Extracted material section start
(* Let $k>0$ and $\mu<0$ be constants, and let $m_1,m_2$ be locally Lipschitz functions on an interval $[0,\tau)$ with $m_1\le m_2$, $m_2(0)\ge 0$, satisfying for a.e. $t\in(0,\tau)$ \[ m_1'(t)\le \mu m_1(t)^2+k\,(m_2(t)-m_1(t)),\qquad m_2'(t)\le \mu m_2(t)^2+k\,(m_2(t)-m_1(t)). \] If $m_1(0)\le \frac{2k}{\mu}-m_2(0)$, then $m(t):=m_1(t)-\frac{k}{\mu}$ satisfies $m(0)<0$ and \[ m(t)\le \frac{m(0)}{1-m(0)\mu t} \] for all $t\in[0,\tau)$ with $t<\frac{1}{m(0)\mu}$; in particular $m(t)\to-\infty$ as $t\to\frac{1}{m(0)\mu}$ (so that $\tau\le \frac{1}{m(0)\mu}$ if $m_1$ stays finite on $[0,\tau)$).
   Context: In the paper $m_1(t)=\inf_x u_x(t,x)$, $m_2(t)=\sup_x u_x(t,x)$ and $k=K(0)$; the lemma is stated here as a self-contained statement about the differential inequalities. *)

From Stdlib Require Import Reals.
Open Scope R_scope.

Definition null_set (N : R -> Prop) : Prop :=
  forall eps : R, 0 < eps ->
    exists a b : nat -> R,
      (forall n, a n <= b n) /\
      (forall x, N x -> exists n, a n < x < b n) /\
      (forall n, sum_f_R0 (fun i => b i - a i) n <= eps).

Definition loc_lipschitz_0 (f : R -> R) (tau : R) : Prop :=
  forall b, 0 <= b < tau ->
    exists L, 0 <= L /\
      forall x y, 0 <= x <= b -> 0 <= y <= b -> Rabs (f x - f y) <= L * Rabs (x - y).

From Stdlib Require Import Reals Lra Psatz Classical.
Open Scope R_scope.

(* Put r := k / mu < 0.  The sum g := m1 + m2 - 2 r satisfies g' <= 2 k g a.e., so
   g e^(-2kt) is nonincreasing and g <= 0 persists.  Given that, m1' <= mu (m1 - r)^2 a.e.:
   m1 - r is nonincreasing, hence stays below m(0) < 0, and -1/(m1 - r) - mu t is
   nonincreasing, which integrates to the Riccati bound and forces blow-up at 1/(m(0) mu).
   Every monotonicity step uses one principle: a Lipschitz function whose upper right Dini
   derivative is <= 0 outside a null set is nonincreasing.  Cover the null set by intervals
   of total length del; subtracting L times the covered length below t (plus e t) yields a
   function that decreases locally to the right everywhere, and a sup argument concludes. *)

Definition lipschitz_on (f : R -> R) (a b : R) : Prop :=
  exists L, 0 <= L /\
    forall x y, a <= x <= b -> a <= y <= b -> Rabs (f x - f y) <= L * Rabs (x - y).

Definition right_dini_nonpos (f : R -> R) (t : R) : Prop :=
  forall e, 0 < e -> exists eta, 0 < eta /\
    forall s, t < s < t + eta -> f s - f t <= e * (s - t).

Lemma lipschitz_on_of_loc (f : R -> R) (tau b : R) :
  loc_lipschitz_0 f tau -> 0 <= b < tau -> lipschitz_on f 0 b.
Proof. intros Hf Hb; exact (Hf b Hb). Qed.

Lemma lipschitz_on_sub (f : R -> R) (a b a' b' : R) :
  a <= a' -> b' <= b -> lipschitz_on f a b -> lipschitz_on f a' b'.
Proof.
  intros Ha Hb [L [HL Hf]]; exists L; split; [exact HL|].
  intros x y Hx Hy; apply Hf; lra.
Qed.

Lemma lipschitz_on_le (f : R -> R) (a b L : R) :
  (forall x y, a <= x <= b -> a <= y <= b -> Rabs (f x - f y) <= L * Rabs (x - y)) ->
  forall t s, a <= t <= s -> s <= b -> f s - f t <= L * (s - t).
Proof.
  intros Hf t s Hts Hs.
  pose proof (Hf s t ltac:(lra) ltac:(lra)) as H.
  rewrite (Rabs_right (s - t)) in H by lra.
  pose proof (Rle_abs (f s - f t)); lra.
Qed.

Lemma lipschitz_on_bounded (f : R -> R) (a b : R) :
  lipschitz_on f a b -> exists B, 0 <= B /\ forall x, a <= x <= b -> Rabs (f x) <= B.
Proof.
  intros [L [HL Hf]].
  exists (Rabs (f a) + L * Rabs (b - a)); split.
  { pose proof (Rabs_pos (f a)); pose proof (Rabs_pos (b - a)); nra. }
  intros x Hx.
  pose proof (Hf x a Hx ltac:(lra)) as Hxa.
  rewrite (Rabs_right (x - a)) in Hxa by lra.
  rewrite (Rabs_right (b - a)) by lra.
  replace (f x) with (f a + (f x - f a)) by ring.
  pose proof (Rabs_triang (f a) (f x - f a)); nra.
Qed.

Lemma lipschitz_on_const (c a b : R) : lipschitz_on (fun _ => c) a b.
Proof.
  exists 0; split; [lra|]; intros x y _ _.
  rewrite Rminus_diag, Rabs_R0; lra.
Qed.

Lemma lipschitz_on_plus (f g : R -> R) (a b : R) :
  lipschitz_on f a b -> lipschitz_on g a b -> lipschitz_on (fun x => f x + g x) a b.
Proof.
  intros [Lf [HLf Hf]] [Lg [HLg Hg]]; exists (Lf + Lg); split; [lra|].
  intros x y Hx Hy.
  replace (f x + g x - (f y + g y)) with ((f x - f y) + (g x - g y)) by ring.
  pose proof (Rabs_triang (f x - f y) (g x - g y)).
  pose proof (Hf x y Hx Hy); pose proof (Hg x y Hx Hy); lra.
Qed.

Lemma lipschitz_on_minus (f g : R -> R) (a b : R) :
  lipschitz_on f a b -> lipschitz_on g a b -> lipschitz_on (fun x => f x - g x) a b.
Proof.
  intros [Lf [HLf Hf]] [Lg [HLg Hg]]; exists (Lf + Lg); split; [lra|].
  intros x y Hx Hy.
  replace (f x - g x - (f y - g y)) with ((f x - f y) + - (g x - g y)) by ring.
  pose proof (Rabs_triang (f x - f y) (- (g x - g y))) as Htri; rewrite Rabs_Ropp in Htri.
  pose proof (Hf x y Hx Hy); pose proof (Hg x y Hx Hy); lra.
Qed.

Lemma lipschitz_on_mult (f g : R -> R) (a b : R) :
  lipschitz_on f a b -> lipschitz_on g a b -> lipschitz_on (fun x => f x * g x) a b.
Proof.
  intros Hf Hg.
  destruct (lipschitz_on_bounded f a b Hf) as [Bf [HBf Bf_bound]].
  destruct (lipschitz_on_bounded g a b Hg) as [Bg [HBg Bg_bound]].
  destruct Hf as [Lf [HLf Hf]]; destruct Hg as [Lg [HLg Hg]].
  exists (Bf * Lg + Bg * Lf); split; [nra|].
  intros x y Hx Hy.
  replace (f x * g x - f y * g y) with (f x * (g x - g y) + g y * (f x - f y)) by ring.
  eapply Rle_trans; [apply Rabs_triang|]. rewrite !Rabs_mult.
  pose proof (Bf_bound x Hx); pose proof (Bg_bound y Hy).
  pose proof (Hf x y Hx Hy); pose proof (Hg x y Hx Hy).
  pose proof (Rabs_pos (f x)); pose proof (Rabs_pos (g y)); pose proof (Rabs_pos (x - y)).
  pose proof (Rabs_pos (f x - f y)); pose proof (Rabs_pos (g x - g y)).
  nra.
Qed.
Extracted material section end
Extracted material section start
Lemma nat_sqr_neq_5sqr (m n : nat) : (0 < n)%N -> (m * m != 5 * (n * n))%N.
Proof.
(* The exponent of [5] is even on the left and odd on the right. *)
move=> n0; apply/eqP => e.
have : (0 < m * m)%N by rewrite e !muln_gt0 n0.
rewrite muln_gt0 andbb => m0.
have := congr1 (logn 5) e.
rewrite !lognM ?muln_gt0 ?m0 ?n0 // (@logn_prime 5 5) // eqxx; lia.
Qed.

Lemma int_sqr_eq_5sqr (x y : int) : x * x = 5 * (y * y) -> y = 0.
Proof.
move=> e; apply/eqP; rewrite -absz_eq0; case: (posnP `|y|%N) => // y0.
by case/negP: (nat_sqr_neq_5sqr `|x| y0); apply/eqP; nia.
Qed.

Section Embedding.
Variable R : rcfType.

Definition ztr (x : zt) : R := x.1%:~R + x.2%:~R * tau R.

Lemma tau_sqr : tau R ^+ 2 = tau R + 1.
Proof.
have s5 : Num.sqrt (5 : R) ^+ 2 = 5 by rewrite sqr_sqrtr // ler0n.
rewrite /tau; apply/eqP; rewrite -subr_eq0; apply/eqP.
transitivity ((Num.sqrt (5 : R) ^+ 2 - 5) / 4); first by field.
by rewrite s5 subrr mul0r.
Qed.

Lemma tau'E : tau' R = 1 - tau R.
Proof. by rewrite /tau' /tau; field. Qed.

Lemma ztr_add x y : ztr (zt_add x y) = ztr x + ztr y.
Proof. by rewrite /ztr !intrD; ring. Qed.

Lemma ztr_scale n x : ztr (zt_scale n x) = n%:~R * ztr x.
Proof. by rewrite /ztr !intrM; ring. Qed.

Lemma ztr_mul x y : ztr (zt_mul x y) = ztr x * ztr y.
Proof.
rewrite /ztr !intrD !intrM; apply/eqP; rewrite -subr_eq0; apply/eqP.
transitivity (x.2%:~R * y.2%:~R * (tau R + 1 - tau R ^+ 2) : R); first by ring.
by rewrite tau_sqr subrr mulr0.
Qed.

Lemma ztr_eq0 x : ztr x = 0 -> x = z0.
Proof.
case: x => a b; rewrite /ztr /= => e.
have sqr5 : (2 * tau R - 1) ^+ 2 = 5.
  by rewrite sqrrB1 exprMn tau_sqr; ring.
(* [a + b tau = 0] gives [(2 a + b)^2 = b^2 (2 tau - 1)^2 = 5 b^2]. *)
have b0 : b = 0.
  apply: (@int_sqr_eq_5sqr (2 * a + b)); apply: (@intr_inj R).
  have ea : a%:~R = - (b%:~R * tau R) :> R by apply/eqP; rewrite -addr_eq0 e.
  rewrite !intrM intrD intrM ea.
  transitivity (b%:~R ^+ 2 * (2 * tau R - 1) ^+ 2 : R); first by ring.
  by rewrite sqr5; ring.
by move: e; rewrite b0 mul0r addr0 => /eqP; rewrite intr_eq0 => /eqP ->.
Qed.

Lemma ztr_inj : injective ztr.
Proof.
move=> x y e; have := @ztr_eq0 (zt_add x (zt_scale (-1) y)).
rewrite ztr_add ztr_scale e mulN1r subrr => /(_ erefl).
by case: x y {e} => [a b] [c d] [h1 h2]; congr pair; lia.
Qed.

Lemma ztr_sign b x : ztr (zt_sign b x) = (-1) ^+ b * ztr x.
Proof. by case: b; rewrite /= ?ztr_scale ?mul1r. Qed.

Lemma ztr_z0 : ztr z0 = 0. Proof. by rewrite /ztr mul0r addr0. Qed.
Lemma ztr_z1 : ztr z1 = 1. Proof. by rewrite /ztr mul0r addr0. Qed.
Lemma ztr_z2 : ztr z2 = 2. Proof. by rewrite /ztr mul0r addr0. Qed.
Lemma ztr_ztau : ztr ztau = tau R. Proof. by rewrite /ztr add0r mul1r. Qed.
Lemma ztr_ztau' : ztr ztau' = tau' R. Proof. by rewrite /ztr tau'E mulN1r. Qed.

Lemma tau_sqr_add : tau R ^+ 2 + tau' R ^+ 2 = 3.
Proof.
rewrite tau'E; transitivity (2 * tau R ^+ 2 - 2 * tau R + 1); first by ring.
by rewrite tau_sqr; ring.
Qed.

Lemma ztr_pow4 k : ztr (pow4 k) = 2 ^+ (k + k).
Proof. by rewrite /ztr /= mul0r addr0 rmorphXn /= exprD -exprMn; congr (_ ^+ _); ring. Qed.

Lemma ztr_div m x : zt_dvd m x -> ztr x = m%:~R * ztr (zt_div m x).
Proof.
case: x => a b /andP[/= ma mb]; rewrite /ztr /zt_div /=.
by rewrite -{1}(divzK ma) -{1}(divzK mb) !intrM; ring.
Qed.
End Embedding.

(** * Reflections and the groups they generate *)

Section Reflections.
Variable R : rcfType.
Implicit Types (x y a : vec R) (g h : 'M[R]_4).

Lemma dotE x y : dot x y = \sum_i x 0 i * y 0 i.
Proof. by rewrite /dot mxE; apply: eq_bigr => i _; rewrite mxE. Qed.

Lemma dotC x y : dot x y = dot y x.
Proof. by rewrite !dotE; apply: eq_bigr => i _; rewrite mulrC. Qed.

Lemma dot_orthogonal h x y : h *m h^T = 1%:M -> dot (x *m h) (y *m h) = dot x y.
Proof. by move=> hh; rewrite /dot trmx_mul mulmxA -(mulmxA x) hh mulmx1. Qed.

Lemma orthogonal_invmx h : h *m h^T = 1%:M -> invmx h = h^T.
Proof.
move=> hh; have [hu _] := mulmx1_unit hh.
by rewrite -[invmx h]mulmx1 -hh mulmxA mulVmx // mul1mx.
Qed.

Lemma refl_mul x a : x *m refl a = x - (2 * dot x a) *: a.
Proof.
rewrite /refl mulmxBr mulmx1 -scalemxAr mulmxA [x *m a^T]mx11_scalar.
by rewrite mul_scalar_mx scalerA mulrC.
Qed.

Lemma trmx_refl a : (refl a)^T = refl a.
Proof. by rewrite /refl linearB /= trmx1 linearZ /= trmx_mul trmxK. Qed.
Extracted material section end
Aim of the exercise:
Everything from the line containing "(* [a + b tau" through the line containing "Lemma dotE x" in the material above should be retyped exactly, both ends included, and nothing more.

Answer to this problem:
(* [a + b tau = 0] gives [(2 a + b)^2 = b^2 (2 tau - 1)^2 = 5 b^2]. *)
have b0 : b = 0.
  apply: (@int_sqr_eq_5sqr (2 * a + b)); apply: (@intr_inj R).
  have ea : a%:~R = - (b%:~R * tau R) :> R by apply/eqP; rewrite -addr_eq0 e.
  rewrite !intrM intrD intrM ea.
  transitivity (b%:~R ^+ 2 * (2 * tau R - 1) ^+ 2 : R); first by ring.
  by rewrite sqr5; ring.
by move: e; rewrite b0 mul0r addr0 => /eqP; rewrite intr_eq0 => /eqP ->.
Qed.

Lemma ztr_inj : injective ztr.
Proof.
move=> x y e; have := @ztr_eq0 (zt_add x (zt_scale (-1) y)).
rewrite ztr_add ztr_scale e mulN1r subrr => /(_ erefl).
by case: x y {e} => [a b] [c d] [h1 h2]; congr pair; lia.
Qed.

Lemma ztr_sign b x : ztr (zt_sign b x) = (-1) ^+ b * ztr x.
Proof. by case: b; rewrite /= ?ztr_scale ?mul1r. Qed.

Lemma ztr_z0 : ztr z0 = 0. Proof. by rewrite /ztr mul0r addr0. Qed.
Lemma ztr_z1 : ztr z1 = 1. Proof. by rewrite /ztr mul0r addr0. Qed.
Lemma ztr_z2 : ztr z2 = 2. Proof. by rewrite /ztr mul0r addr0. Qed.
Lemma ztr_ztau : ztr ztau = tau R. Proof. by rewrite /ztr add0r mul1r. Qed.
Lemma ztr_ztau' : ztr ztau' = tau' R. Proof. by rewrite /ztr tau'E mulN1r. Qed.

Lemma tau_sqr_add : tau R ^+ 2 + tau' R ^+ 2 = 3.
Proof.
rewrite tau'E; transitivity (2 * tau R ^+ 2 - 2 * tau R + 1); first by ring.
by rewrite tau_sqr; ring.
Qed.

Lemma ztr_pow4 k : ztr (pow4 k) = 2 ^+ (k + k).
Proof. by rewrite /ztr /= mul0r addr0 rmorphXn /= exprD -exprMn; congr (_ ^+ _); ring. Qed.

Lemma ztr_div m x : zt_dvd m x -> ztr x = m%:~R * ztr (zt_div m x).
Proof.
case: x => a b /andP[/= ma mb]; rewrite /ztr /zt_div /=.
by rewrite -{1}(divzK ma) -{1}(divzK mb) !intrM; ring.
Qed.
End Embedding.

(** * Reflections and the groups they generate *)

Section Reflections.
Variable R : rcfType.
Implicit Types (x y a : vec R) (g h : 'M[R]_4).

Lemma dotE x y : dot x y = \sum_i x 0 i * y 0 i.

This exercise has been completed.